The main question in both first articles was about the max value of the tessellation factor.
On Radeon HD 2000, 3000 and 4000, the hardware tessellation unit (called tessellator) has a max tessellation factor of 15.0. This is a hardware limitation that can’t be changed by software tweaks. The tessellator of Radeon HD 2000, 3000 and 4000 is a fixed function unit and we can’t program it with a shader. In OpenGL there are only two functions (described HERE) that allow to control it.
On Radeon HD 5000 series (Evergreen family), things are different. The Radeon HD 5000 includes the fixed tessellator of HD 2000, 3000 and 4000 AND a new programmable tessellation unit. This new programmable tessellation unit will be exposed via a new OpenGL extension (available shortly). And this new extension will allow to exploit the maximum tessellation factor supported on HD 5000 graphics cards: 64.0. And this value of 64.0 is forced by Direct3D 11 specification. So we’ll be able to do Direct3D11-like tessellation in OpenGL shortly under all versions of Windows. Great news my friends 😉
On Evergreen family, both tessellation engines (fixed and programmable) are physically separated.

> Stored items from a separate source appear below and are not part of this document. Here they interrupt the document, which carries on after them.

(* Under the hypotheses (torsion-free $G$; $l:G\to\mathbb{Z}^n$ a $\delta$-regular $\delta$-hyperbolic length function with (A) $ht(\delta)=1$, (B) $l(g^m)<l(g)$ for nonzero integer $m$ implies $ht(l(g)-l(g^m))=1$, (C) $l(g)>0$ for $g\ne1$), let $1\le k<n$, $h\in G_{k+1}\setminus G_k$, $C=G_k\cap hG_kh^{-1}$, and let $E$ be the set of elements of $C$ that act elliptically on the $\mathbb{Z}^{n-1}$-tree $\Gamma$. Then $E$ is a normal subgroup of $C$ and $C/E$ is free abelian of rank at most $k-1$.
   Context: $\mathbb{Z}^m$ carries the right lexicographic order; $ht(a)$ is the largest index with nonzero coordinate, $ht(0)=0$. Length function: $l(1)=0$, $l(g)\ge0$, $l(g^{-1})=l(g)$, $l(gh)\le l(g)+l(h)$; $c(g,h)=\tfrac12(l(g)+l(h)-l(g^{-1}h))$; $\delta$-hyperbolic: $c(f,g)\ge\min\{c(f,h),c(g,h)\}-\delta$; $\delta$-regular: for all $g,h$ exist $g_c,h_c,g_d,h_d$ with $l(g_c)=l(h_c)=c(g,h)$, $g=g_cg_d$, $h=h_ch_d$, $l(g)=l(g_c)+l(g_d)$, $l(h)=l(h_c)+l(h_d)$, $l(g_c^{-1}h_c)\le4\delta$. $G_k=\{g\in G\mid ht(l(g))\le k\}$. $l_1(g)=(a_2,\dots,a_n)$ where $l(g)=(a_1,\dots,a_n)$. $\Gamma$ is the $\mathbb{Z}^{n-1}$-tree obtained from $(G,l_1)$ by Chiswell's construction: a $\mathbb{Z}^{n-1}$-tree with isometric $G$-action and base point $x_0$ with $l_1(g)=d(x_0,gx_0)$ for all $g$ and every point on some segment $[x_0,gx_0]$. An element acts elliptically if it fixes a point of $\Gamma$. *)

From HB Require Import structures.
From mathcomp Require Import all_boot all_order all_algebra.
Set Implicit Arguments. Unset Strict Implicit. Unset Printing Implicit Defensive.
Import Order.TTheory GRing.Theory Num.Theory.
Local Open Scope ring_scope.

(* Z^n is 'rV[int]_n; coordinate i (1-based in the paper) is entry i-1.
   Right lexicographic order: compare the highest index first. *)
Definition lexlt (n : nat) (a b : 'rV[int]_n) : bool :=
  [exists i : 'I_n, (a 0 i < b 0 i) &&
     [forall j : 'I_n, (i < j)%N ==> (a 0 j == b 0 j)]].
Definition lexle (n : nat) (a b : 'rV[int]_n) : bool := (a == b) || lexlt a b.
Definition lexmin (n : nat) (a b : 'rV[int]_n) : 'rV[int]_n :=
  if lexle a b then a else b.
Definition lexabs (n : nat) (a : 'rV[int]_n) : 'rV[int]_n :=
  if lexle 0 a then a else - a.

(* ht(a) = largest (1-based) index with nonzero coordinate; ht 0 = 0 *)
Definition ht (n : nat) (a : 'rV[int]_n) : nat :=
  \max_(i < n | a 0 i != 0) (nat_of_ord i).+1.

Definition drop1 (n : nat) (a : 'rV[int]_n) : 'rV[int]_(n.-1) :=
  \row_(j < n.-1) oapp (fun i : 'I_n => a 0 i) 0 (insub (j.+1)%N).

Definition is_group (G : Type) (mul : G -> G -> G) (e : G) (inv : G -> G) : Prop :=
  (forall x y z, mul x (mul y z) = mul (mul x y) z) /\
  (forall x, mul e x = x) /\ (forall x, mul x e = x) /\
  (forall x, mul (inv x) x = e) /\ (forall x, mul x (inv x) = e).

Fixpoint gpow (G : Type) (mul : G -> G -> G) (e : G) (g : G) (k : nat) : G :=
  match k with O => e | S k' => mul g (gpow mul e g k') end.

Definition gzpow (G : Type) (mul : G -> G -> G) (e : G) (inv : G -> G)
  (g : G) (m : int) : G :=
  match m with
  | Posz k => gpow mul e g k
  | Negz k => inv (gpow mul e g k.+1)
  end.

Definition torsion_free (G : Type) (mul : G -> G -> G) (e : G) : Prop :=
  forall g (k : nat), (0 < k)%N -> gpow mul e g k = e -> g = e.

Definition is_length_function (G : Type) (mul : G -> G -> G) (e : G)
  (inv : G -> G) (n : nat) (l : G -> 'rV[int]_n) : Prop :=
  l e = 0 /\ (forall g, lexle 0 (l g)) /\ (forall g, l (inv g) = l g) /\
  (forall g h, lexle (l (mul g h)) (l g + l h)).

(* 2 c(g,h) = l(g) + l(h) - l(g^-1 h)  (c itself may live in (1/2)Z^n) *)
Definition c2 (G : Type) (mul : G -> G -> G) (inv : G -> G) (n : nat)
  (l : G -> 'rV[int]_n) (g h : G) : 'rV[int]_n :=
  l g + l h - l (mul (inv g) h).

(* c(f,g) >= min{c(f,h), c(g,h)} - delta, multiplied by 2 *)
Definition hyperbolic (G : Type) (mul : G -> G -> G) (inv : G -> G) (n : nat)
  (l : G -> 'rV[int]_n) (delta : 'rV[int]_n) : Prop :=
  forall f g h, lexle (lexmin (c2 mul inv l f h) (c2 mul inv l g h) - delta *+ 2)
                      (c2 mul inv l f g).

Definition regular (G : Type) (mul : G -> G -> G) (inv : G -> G) (n : nat)
  (l : G -> 'rV[int]_n) (delta : 'rV[int]_n) : Prop :=
  forall g h, exists gc hc gd hd,
    [/\ (l gc) *+ 2 = c2 mul inv l g h, (l hc) *+ 2 = c2 mul inv l g h,
        g = mul gc gd, h = mul hc hd &
        [/\ l g = l gc + l gd, l h = l hc + l hd &
        lexle (l (mul (inv gc) hc)) (delta *+ 4)]].

Definition is_lambda_metric (m : nat) (X : Type) (d : X -> X -> 'rV[int]_m) : Prop :=
  (forall x y, lexle 0 (d x y)) /\ (forall x y, d x y = 0 <-> x = y) /\
  (forall x y, d x y = d y x) /\ (forall x y z, lexle (d x z) (d x y + d y z)).

Definition is_segment (m : nat) (X : Type) (d : X -> X -> 'rV[int]_m)
  (x y : X) (S : X -> Prop) : Prop :=
  exists (a b : 'rV[int]_m) (sigma : 'rV[int]_m -> X),
    [/\ lexle a b, sigma a = x, sigma b = y,
        (forall s t, lexle a s -> lexle s b -> lexle a t -> lexle t b ->
           d (sigma s) (sigma t) = lexabs (t - s)) &
        (forall z, S z <-> exists t, [/\ lexle a t, lexle t b & sigma t = z])].

(* Lambda-tree (Alperin-Bass / Chiswell axioms) *)
Definition is_lambda_tree (m : nat) (X : Type) (d : X -> X -> 'rV[int]_m) : Prop :=
  is_lambda_metric d /\
  (forall x y, exists S, is_segment d x y S) /\
  (forall x y z S1 S2, is_segment d x y S1 -> is_segment d y z S2 ->
     (forall w, S1 w -> S2 w -> w = y) ->
     is_segment d x z (fun w => S1 w \/ S2 w)) /\
  (forall x y z S1 S2, is_segment d x y S1 -> is_segment d x z S2 ->
     exists w, is_segment d x w (fun v => S1 v /\ S2 v)).

Definition is_isometric_action (G : Type) (mul : G -> G -> G) (e : G)
  (m : nat) (X : Type) (d : X -> X -> 'rV[int]_m) (act : G -> X -> X) : Prop :=
  (forall x, act e x = x) /\ (forall g h x, act (mul g h) x = act g (act h x)) /\
  (forall g x y, d (act g x) (act g y) = d x y).

(* Gamma: the Z^(n-1)-tree from Chiswell's construction applied to (G, l_1),
   characterized as in the paper *)
Definition chiswell_tree (G : Type) (mul : G -> G -> G) (e : G) (n : nat)
  (l : G -> 'rV[int]_n) (X : Type) (d : X -> X -> 'rV[int]_(n.-1))
  (act : G -> X -> X) (x0 : X) : Prop :=
  [/\ is_lambda_tree d, is_isometric_action mul e d act,
      (forall g, drop1 (l g) = d x0 (act g x0)) &
      (forall p, exists g S, is_segment d x0 (act g x0) S /\ S p)].

Definition elliptic (G X : Type) (act : G -> X -> X) (g : G) : Prop :=
  exists x, act g x = x.

Definition Gk (G : Type) (n : nat) (l : G -> 'rV[int]_n) (k : nat) (g : G) : Prop :=
  (ht (l g) <= k)%N.

(* Let p = h x0.  Elements of C move x0 and p by distances of height at most
   k-1 in Gamma, while d(x0, p) has height k.  By the four point condition,
   x |-> d(x0, x p) - d(x0, p) is then a homomorphism on C; its kernel is
   exactly the set of elliptic elements (a fixed point is found at a branch
   point of a tripod), and its values have height at most k-1.  A subgroup of
   Z^(n-1) of height at most k-1 is free abelian of rank at most k-1. *)

From Pilot Require Import Defs.
From mathcomp Require Import all_boot all_order all_algebra zify ring.
From Stdlib Require Import Classical Wf_nat.
Import Order.TTheory GRing.Theory Num.Theory.
Set Implicit Arguments. Unset Strict Implicit. Unset Printing Implicit Defensive.
Local Open Scope ring_scope.

Ltac row_ring := apply/rowP => ?; rewrite !mxE; ring.

Section LexOrder.
Variable m : nat.
Implicit Types a b c u v : 'rV[int]_m.

Lemma lexltP a b : reflect (exists i : 'I_m, a 0 i < b 0 i /\
   forall j : 'I_m, (i < j)%N -> a 0 j = b 0 j) (lexlt a b).
Proof.
apply: (iffP existsP) => [[i /andP[lt /forallP H]]|[i [lt H]]]; exists i.
  by split => // j ij; apply/eqP/(implyP (H j) ij).
by rewrite lt; apply/forallP => j; apply/implyP => /H ->.
Qed.

Lemma lexltxx a : lexlt a a = false.
Proof. by apply/lexltP => -[i []]; rewrite ltxx. Qed.

Lemma lexlt_trans b a c : lexlt a b -> lexlt b c -> lexlt a c.
Proof.
move=> /lexltP[i [lti Hi]] /lexltP[i' [lti' Hi']]; apply/lexltP.
case: (ltngtP i i') => [ii'|i'i|/val_inj ii'].
- exists i'; split; first by rewrite Hi.
  by move=> j ij; rewrite Hi ?Hi' //; apply: ltn_trans ij.
- exists i; split; first by rewrite -(Hi' i i'i).
  by move=> j ij; rewrite Hi ?Hi' //; apply: ltn_trans ij.
- subst i'; exists i; split; first exact: lt_trans lti'.
  by move=> j ij; rewrite Hi ?Hi'.
Qed.

Lemma lexltD2r c a b : lexlt (a + c) (b + c) = lexlt a b.
Proof.
apply: eq_existsb => i; rewrite !mxE ltrD2r; congr andb.
by apply: eq_forallb => j; rewrite !mxE (inj_eq (addIr _)).
Qed.

Lemma top_coord v : v != 0 -> exists i : 'I_m, v 0 i != 0 /\
  forall j : 'I_m, (i < j)%N -> v 0 j = 0.
Proof.
move=> nz.
have [i0 Hi0] : exists i0 : 'I_m, v 0 i0 != 0.
  apply/existsP; apply: contraR nz => /existsPn H.
  by apply/eqP/rowP => i; rewrite mxE; move/negbNE/eqP: (H i).
have [i Hi Hmax] := @arg_maxnP _ i0 (fun i : 'I_m => v 0 i != 0) val Hi0.
exists i; split => // j ij; apply/eqP; apply: contraTT ij => Hj.
by rewrite -leqNgt; apply: Hmax.
Qed.

Lemma lexlt_total a b : a != b -> lexlt a b || lexlt b a.
Proof.
rewrite -subr_eq0 => /top_coord[i []]; rewrite !mxE subr_eq0 => Hi Htop.
have Heq (j : 'I_m) : (i < j)%N -> a 0 j = b 0 j.
  by move=> /Htop /eqP; rewrite !mxE subr_eq0 => /eqP.
case: (ltgtP (a 0 i) (b 0 i)) Hi => // lt _; apply/orP; [left|right];
  by apply/lexltP; exists i; split => // j /Heq.
Qed.

Lemma lexle_refl a : lexle a a.
Proof. by rewrite /lexle eqxx. Qed.

Lemma lexltW a b : lexlt a b -> lexle a b.
Proof. by rewrite /lexle => ->; rewrite orbT. Qed.

Lemma lexle_lt_trans b a c : lexle a b -> lexlt b c -> lexlt a c.
Proof. by case/orP => [/eqP->|ab bc] //; apply: lexlt_trans bc. Qed.

Lemma lexlt_le_trans b a c : lexlt a b -> lexle b c -> lexlt a c.
Proof. by move=> ab /orP[/eqP<-|bc] //; apply: lexlt_trans bc. Qed.

Lemma lexle_trans b a c : lexle a b -> lexle b c -> lexle a c.
Proof. by case/orP => [/eqP->|ab] // /(lexlt_le_trans ab)/lexltW. Qed.

Lemma lexlt_geF a b : lexlt a b -> lexle b a = false.
Proof. by move=> ab; apply/negP => /(lexlt_le_trans ab); rewrite lexltxx. Qed.

Lemma lexle_anti a b : lexle a b -> lexle b a -> a = b.
Proof. by case/orP => [/eqP//|/lexlt_geF->]. Qed.

Lemma lexltNge a b : lexlt a b = ~~ lexle b a.
Proof.
apply/idP/idP => [/lexlt_geF->//|]; rewrite /lexle negb_or eq_sym.
by case/andP => /lexlt_total /orP[] // ->.
Qed.

Lemma lexle_total a b : lexle a b || lexle b a.
Proof. by case: (boolP (lexle b a)); rewrite ?orbT // -lexltNge => /lexltW ->. Qed.

Lemma lexleD2r c a b : lexle (a + c) (b + c) = lexle a b.
Proof. by rewrite /lexle lexltD2r (inj_eq (addIr _)). Qed.

Lemma lexleD2l c a b : lexle (c + a) (c + b) = lexle a b.
Proof. by rewrite (addrC c a) (addrC c b) lexleD2r. Qed.

Lemma lexleD a b c u : lexle a b -> lexle c u -> lexle (a + c) (b + u).
Proof.
move=> ab cu; apply: (@lexle_trans (b + c)); first by rewrite lexleD2r.
by rewrite lexleD2l.
Qed.

Lemma lexlt_leD a b c u : lexlt a b -> lexle c u -> lexlt (a + c) (b + u).
Proof.
move=> ab cu; apply: (@lexlt_le_trans (b + c)); first by rewrite lexltD2r.
by rewrite lexleD2l.
Qed.

Lemma lexltD_ge0 a b : lexlt 0 a -> lexle 0 b -> lexlt 0 (a + b).
Proof. by move=> a_gt0 b_ge0; rewrite -(addr0 0); apply: lexlt_leD. Qed.

Lemma subr_lexge0 a b : lexle 0 (b - a) = lexle a b.
Proof. by rewrite -(lexleD2r a) subrK add0r. Qed.

Lemma subr_lexgt0 a b : lexlt 0 (b - a) = lexlt a b.
Proof. by rewrite -(lexltD2r a) subrK add0r. Qed.

Lemma lexleBlDr a b c : lexle (a - c) b = lexle a (b + c).
Proof. by rewrite -(lexleD2r c) subrK. Qed.

Lemma lexleN2 a b : lexle (- a) (- b) = lexle b a.
Proof. by rewrite -subr_lexge0 opprK addrC subr_lexge0. Qed.

Lemma lexabs_ge0 v : lexle 0 v -> lexabs v = v.
Proof. by rewrite /lexabs => ->. Qed.

Lemma lexabsN v : lexabs (- v) = lexabs v.
Proof.
rewrite /lexabs opprK -[lexle 0 (- v)]lexleN2 opprK oppr0.
have [->|v0] := eqVneq v 0; first by rewrite oppr0 lexle_refl.
case: (boolP (lexle 0 v)) => [v_ge0|]; last by rewrite -lexltNge => /lexltW ->.
have v_gt0 : lexlt 0 v by move: v_ge0; rewrite /lexle eq_sym (negbTE v0).
by rewrite lexlt_geF.
Qed.

End LexOrder.

Section Height.
Variable m : nat.
Implicit Types a b s u v : 'rV[int]_m.

Lemma htP v t : reflect (forall j : 'I_m, (t <= j)%N -> v 0 j = 0) (ht v <= t)%N.
Proof.
apply: (iffP idP) => [/bigmax_leqP H j tj|H].
  by apply/eqP; apply: contraTT tj => /H; rewrite -ltnNge.
by apply/bigmax_leqP => j nz; rewrite ltnNge; apply: contra nz => /H ->.
Qed.

Lemma ht_le_size v : (ht v <= m)%N.
Proof. by apply/htP => j; rewrite leqNgt ltn_ord. Qed.

Lemma ht_le0 v : (ht v <= 0)%N -> v = 0.
Proof. by move/htP => H; apply/rowP => j; rewrite mxE H. Qed.

Lemma htD a b t : (ht a <= t)%N -> (ht b <= t)%N -> (ht (a + b) <= t)%N.
Proof. by move=> /htP Ha /htP Hb; apply/htP => j tj; rewrite mxE Ha ?Hb ?addr0. Qed.

Lemma htZ (c : int) a t : (ht a <= t)%N -> (ht (c *: a) <= t)%N.
Proof. by move=> /htP Ha; apply/htP => j tj; rewrite mxE Ha ?mulr0. Qed.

That’s why in the GeeXLab demo I was limited to 15.0 on my HD 5770. Currently GeeXLab uses the fixed tessellator (with a factor limited to 15.0) and not the new tessellator (with a factor of 64.0).
I can’t wait to test the new tessellator in OpenGL and add this support in GeeXLab.
And good news, the support of the fixed tessellation unit will be kept in all new Radeon and Catalyst.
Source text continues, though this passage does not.